■ Excerpted data
========================================

(* Let $k, m \in \mathbb{N}$ with $k \ge 2$ and $m \ge 4$, and let $f$ be a valid bounds-function. If $\mathrm{pdp}_f(k,m) = \emptyset$, then $\mathrm{minvdeg}(\mathcal{MU}_{\delta=k}) < m$.
   Context: Literals come with a fixed-point-free involution $x \mapsto \overline{x}$; variables are positive literals. A clause is a finite set $C$ of literals with $C \cap \overline{C} = \emptyset$; a clause-set is a finite set of clauses. $\delta(F) = |F| - |\mathrm{var}(F)|$. $\mathcal{MU}_{\delta=k}$ is the class of minimally unsatisfiable clause-sets (unsatisfiable, but satisfiable after removing any clause) of deficiency $k$. $\mathrm{ld}_F(x)$ is the number of clauses containing $x$, $\mathrm{vdeg}_F(v) = \mathrm{ld}_F(v)+\mathrm{ld}_F(\overline{v})$, $\mathrm{minvdeg}(F) = \min_{v \in \mathrm{var}(F)}\mathrm{vdeg}_F(v)$; for a class $\mathcal{D}$, $\mathrm{minvdeg}(\mathcal{D})$ is the supremum of $\mathrm{minvdeg}(F)$ over $F \in \mathcal{D}$ with $\mathrm{var}(F) \ne \emptyset$. Let $\mu(k) = \mathrm{minvdeg}(\mathcal{MU}_{\delta=k})$. A valid bounds-function is a function $f : \mathbb{N} \to \mathbb{N} \cup \{+\infty\}$ with $f(1) = 2$, $f$ monotonically increasing, and $\mu(k) \le f(k)$ for all $k \in \mathbb{N}$. For $k \ge 2$, $m \ge 4$, the set $\mathrm{pdp}_f(k,m)$ of potential degree-pairs is the set of pairs $(e_0,e_1) \in \mathbb{N}^2$ with: (i) $e_0, e_1 \ge 2$; (ii) $e_0, e_1 \le k$; (iii) $e_0 + e_1 = m$; (iv) $e_0 \le e_1$; (v) $f(k - e_\varepsilon + 1) + e_\varepsilon \ge m$ for both $\varepsilon \in \{0,1\}$. *)

From mathcomp Require Import all_boot all_order all_algebra.
From mathcomp Require Import finmap.
Set Implicit Arguments. Unset Strict Implicit. Unset Printing Implicit Defensive.
Local Open Scope fset_scope.

(* Variables are natural numbers; a literal is a pair (v, b):
   (v, true) is the positive literal v, (v, false) is its complement. *)
Definition lit := (nat * bool)%type.
Definition compl (x : lit) : lit := (x.1, ~~ x.2).
Definition clause := {fset lit}.
Definition clauseset := {fset clause}.

Definition is_clause (C : clause) : Prop := forall x, x \in C -> compl x \notin C.
Definition is_clauseset (F : clauseset) : Prop := forall C, C \in F -> is_clause C.

Definition var (F : clauseset) : {fset nat} :=
  [fset x.1 | x in \bigcup_(C <- F) C].

Definition deficiency (F : clauseset) : int := (Posz #|` F| - Posz #|` var F|)%R.

Definition sat_clause (phi : nat -> bool) (C : clause) : Prop :=
  exists x, x \in C /\ phi x.1 = x.2.
Definition satisfiable (F : clauseset) : Prop :=
  exists phi : nat -> bool, forall C, C \in F -> sat_clause phi C.

Definition MU (F : clauseset) : Prop :=
  is_clauseset F /\ ~ satisfiable F /\
  forall C, C \in F -> satisfiable (F `\ C).

Definition ld (F : clauseset) (x : lit) : nat := #|` [fset C in F | x \in C]|.
Definition vdeg (F : clauseset) (v : nat) : nat := ld F (v, true) + ld F (v, false).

========================================

■ Work required
Only the line containing "Definition sat_clause (phi" and the lines after it, up to and including the last line of the data, should appear in the answer, exactly as written.

■ Task output
Definition sat_clause (phi : nat -> bool) (C : clause) : Prop :=
  exists x, x \in C /\ phi x.1 = x.2.
Definition satisfiable (F : clauseset) : Prop :=
  exists phi : nat -> bool, forall C, C \in F -> sat_clause phi C.

Definition MU (F : clauseset) : Prop :=
  is_clauseset F /\ ~ satisfiable F /\
  forall C, C \in F -> satisfiable (F `\ C).

Definition ld (F : clauseset) (x : lit) : nat := #|` [fset C in F | x \in C]|.
Definition vdeg (F : clauseset) (v : nat) : nat := ld F (v, true) + ld F (v, false).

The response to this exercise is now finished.